Maranamass movie review
Cast: Basil Joseph, Rajesh Madhavan, Babu Antony, Suresh Krishna, Siju Sunny, Anishma Anilkumar
Director: Sivaprasad
Star rating: ★★★
The fact that actor-writer-director Basil Joseph and actor-producer Tovino Thomas are thick as thieves is well-known among cinephiles. The two work together professionally quite often and if Basil gave Tovino a superhero in Minnal Murali, it’s now the turn of Tovino to give Basil a comical sigma male in Marannamass.

The premise
A serial killer who’s killing elderly men and then stuffing the state’s famed Poovan banana in their mouth is causing havoc in Kerala. Dubbed the ‘Banana Killer’, he has created fear among people, and the villagers of Vallikkunnu are no exception. The movie reveals early on who the killer is and why he is hell-bent on murdering old men (childhood trauma), and how he finds his victims. Now, while the police are searching for the Banana Killer, another man is creating a major nuisance in the village itself – Luke PP (Basil Joseph), the hero of this film. The police arrest him believing he is the serial killer, but unfortunately for them, he’s not.

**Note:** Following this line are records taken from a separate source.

Definition operational_dim_eq (d : nat) : Prop :=
  (exists w : 'I_d -> op22, perfectly_distinguishable w) /\
  (forall (n : nat) (w : 'I_n -> op22), perfectly_distinguishable w -> (n <= d)%N).

Definition information_dim_gt (d : nat) : Prop :=
  exists (n : nat) (w : 'I_n -> op22), (d < n)%N /\ pairwise_distinguishable w.

End QuantumDefs.

(* Both halves of the theorem are proved with product states and explicit
   effects, using only 2x2 matrix calculus.
   - A 2x2 Hermitian matrix is positive iff its entries (al, x + iy; x - iy, be)
     satisfy al, be >= 0 and x^2 + y^2 <= al * be; equivalently its Pauli
     coordinates (t, A_x, A_y, A_z) satisfy |A| <= t (Bloch ball).
   - For d in [-1,1]^3 the operator E(d) = (1 (x) 1 + sum_a d_a s_a (x) s_a)/2
     is a SEP effect: on a product of positive operators its expectation is
     (t u + sum_a d_a A_a B_a)/2 >= 0 by Cauchy-Schwarz, and 1 - E(d) = E(-d).
   - Five product states |00>, |01>, |++>, |+->, |+i +i> have correlation
     vectors (A_a B_a)_a equal to the five distinct signed unit vectors
     e_z, -e_z, e_x, -e_x, e_y; for any two of them a suitable E(d) takes the
     values 1 and 0, so the information dimension is at least 5.
   - The computational basis |kl> is perfectly distinguished by its own
     projectors, so the operational dimension is at least 4; conversely, for
     a SEP effect E and separable state w, Tr(E w) <= Tr E since 1 - a (x) b
     is separable positive, so n perfectly distinguishable states force
     n <= Tr 1 = 4. *)

From mathcomp Require Import all_boot all_order all_algebra.
From mathcomp Require Import reals.
From mathcomp.real_closed Require Import complex mxtens.
From mathcomp Require Import ring lra.
(* Imported last: its [hermitian] shadows the notation of the same name
   from mathcomp's sesquilinear forms library. *)
Import Order.TTheory GRing.Theory Num.Theory.
Local Open Scope ring_scope.
Local Open Scope complex_scope.

Section SepQubits.
Variable R : realType.
Local Notation C := R[i].

Lemma complex0E : (0 : C) = 0 +i* 0. Proof. by []. Qed.
Lemma complex1E : (1 : C) = 1 +i* 0. Proof. by []. Qed.
Lemma complex_realE (k : R) : k%:C = k +i* 0. Proof. by []. Qed.

Ltac complex_coords := rewrite ?complex0E ?complex1E ?complex_realE; simpc.

Ltac complex_lra :=
  complex_coords; first [done | congr (_ +i* _); lra | lra | nra].

Lemma num_conjE (z : C) : Num.conj z = conjc z.
Proof. by []. Qed.

Lemma ord2P (i : 'I_2) : i = 0 \/ i = 1.
Proof. by case: i => [[|[|//]]] Hi; [left|right]; apply: val_inj. Qed.

Lemma lift0_ord2 : (lift ord0 ord0 : 'I_2) = 1.
Proof. exact: val_inj. Qed.

Lemma matrix2P (A B : 'M[C]_2) : A 0 0 = B 0 0 -> A 0 1 = B 0 1 ->
  A 1 0 = B 1 0 -> A 1 1 = B 1 1 -> A = B.
Proof.
move=> e00 e01 e10 e11; apply/matrixP => i j.
by case: (ord2P i) => ->; case: (ord2P j) => ->.
Qed.

Definition mx2 (a b c d : C) : 'M[C]_2 :=
  \matrix_(i < 2, j < 2) (nth [::] [:: [:: a; b]; [:: c; d]] i)`_j.

Definition cv2 (c0 c1 : C) : 'cV[C]_2 := \col_(i < 2) [:: c0; c1]`_i.

Lemma trace2 (A : 'M[C]_2) : \tr A = A 0 0 + A 1 1.
Proof. by rewrite /mxtrace !big_ord_recl big_ord0 lift0_ord2 addr0. Qed.

Lemma trace2_mul (A B : 'M[C]_2) :
  \tr (A *m B) = A 0 0 * B 0 0 + A 0 1 * B 1 0 + A 1 0 * B 0 1 + A 1 1 * B 1 1.
Proof. by rewrite trace2 !mxE !big_ord_recl !big_ord0 !lift0_ord2; ring. Qed.

Lemma quad_form2 (A : 'M[C]_2) (v : 'cV[C]_2) :
  (adjmx v *m A *m v) 0 0 =
    conjc (v 0 0) * A 0 0 * v 0 0 + conjc (v 0 0) * A 0 1 * v 1 0
  + conjc (v 1 0) * A 1 0 * v 0 0 + conjc (v 1 0) * A 1 1 * v 1 0.
Proof.
rewrite /adjmx !mxE !big_ord_recl !big_ord0 !mxE !big_ord_recl !big_ord0.
by rewrite !mxE !lift0_ord2 /= !num_conjE; ring.
Qed.

(** * Positivity of 2x2 matrices *)

(* A positive 2x2 matrix has real nonnegative diagonal, conjugate
   off-diagonal entries and nonnegative determinant.  Tested on the
   vectors e_0, e_1 and the kernel candidates of the determinant. *)
Lemma psd2_entries (A : 'M[C]_2) : psd A -> exists al be x y : R,
  [/\ A 0 0 = al%:C, A 1 1 = be%:C, A 0 1 = x +i* y, A 1 0 = x -i* y &
      [/\ 0 <= al, 0 <= be & x ^+ 2 + y ^+ 2 <= al * be]].
Proof.
case=> herm pos.
have entry_herm i j : conjc (A j i) = A i j by rewrite -[in RHS]herm /adjmx !mxE.
have h00 := entry_herm 0 0; have h11 := entry_herm 1 1; have h01 := entry_herm 0 1.
have q1 := pos (cv2 1 0); have q2 := pos (cv2 0 1).
have q3 := pos (cv2 (A 1 1) (- conjc (A 0 1))); have q4 := pos (cv2 (A 0 1) (- A 0 0)).
have q5 := pos (cv2 1 (- conjc (A 0 1))).
rewrite !quad_form2 !mxE /= in q1 q2 q3 q4 q5.
move: h00 h11 h01 q1 q2 q3 q4 q5.
case: (A 0 0) => p q; case: (A 1 1) => r s; case: (A 0 1) => x y; case: (A 1 0) => u w.
simpc => _ _ [-> /eqP]; rewrite eqr_oppLR => /eqP ->.
move=> /andP[/eqP -> hp] /andP[/eqP -> hr] /andP[_ h3] /andP[_ h4] /andP[_ h5].
exists p, r, x, y; split => //; split => //.
have [p0|p_neq0] := eqVneq p 0; first by subst p; nra.
have p_gt0 : 0 < p by rewrite lt0r p_neq0 hp.
nra.
Qed.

Proudly branding himself a sigma male, Luke is a new-age YouTuber cum influencer who goes out of his way to expose people’s dirty secrets with not a malicious intention but to clean up society. If he pulled out the porn search details of the panchayat head and plastered it in the village, he also placed the local police station up for sale on OLX as he didn’t find the cops doing their work. Fed up with his antics, the entire village pools in a sum of ₹16 lakhs to send him packing to Czechoslovakia to get rid of him. The last straw for Luke is when Luke’s girlfriend Jessie (Anishma Anilkumar) breaks up with him because of his inability to take life seriously. Luke is all set to win her back somehow when a bus journey Jessie is on adds a major twist to the story. One night, Jessie heads back and finds herself on the bus with Luke, Jikku (driver), Aruvi (bus conductor), an elderly man, and a stranger. And it is this bus ride they are on that the entire story unfolds.
What works for Maranamass
In recent times, Basil Joseph has been striving to push himself out of his comfort zone (think Ponman, Praavinkoodu Shappu, Nunnakuzhi) and get into the skin of really offbeat characters. Luke PP is one of those roles that uses Basil Joseph’s ability to pull off comedy and adds the Gen Z Sigma male who struggles to pull it off despite his flashy clothes, blonde hair, and faded haircut.
Basil has pulled off Luke in style, but it has been ably aided by the other actors, namely Rajesh Madhavan, Suresh Krishna, Siju Sunny, Babu Antony, and Anishma Anilkumar. Each of them has delivered a truly note-worthy performance and the on-screen chemistry between the scenes lights up even when the dialogues don’t.
In Maranamass, debutant Sivaprasad, who has co-written the film with Siju Sunny, gives us a dark comedy centred around Luke. Most of the comedy in the film, though, is of a slapstick nature and often situational, with heavy pop culture references to elicit laughs. In one instance, the trend of pre-wedding photoshoots is spoofed with a ‘save the date’ photoshoot at a graveyard, and in another, a cop is called Tiger sir because he carries around a Tiger balm in his hand. You get the drift by now. Not all these scenes want to make you laugh and this is due to the inconsistencies in the screenplay that the second half lags.
Each of the key characters has been given interesting quirks to keep alive the narrative, which hits speed breaks ever so often, like the bus journey that Luke and Jessie are on. Produced by Tovino Thomas, Maranamass is, for the most part, an enjoyable, fun ride that’s filled with mayhem.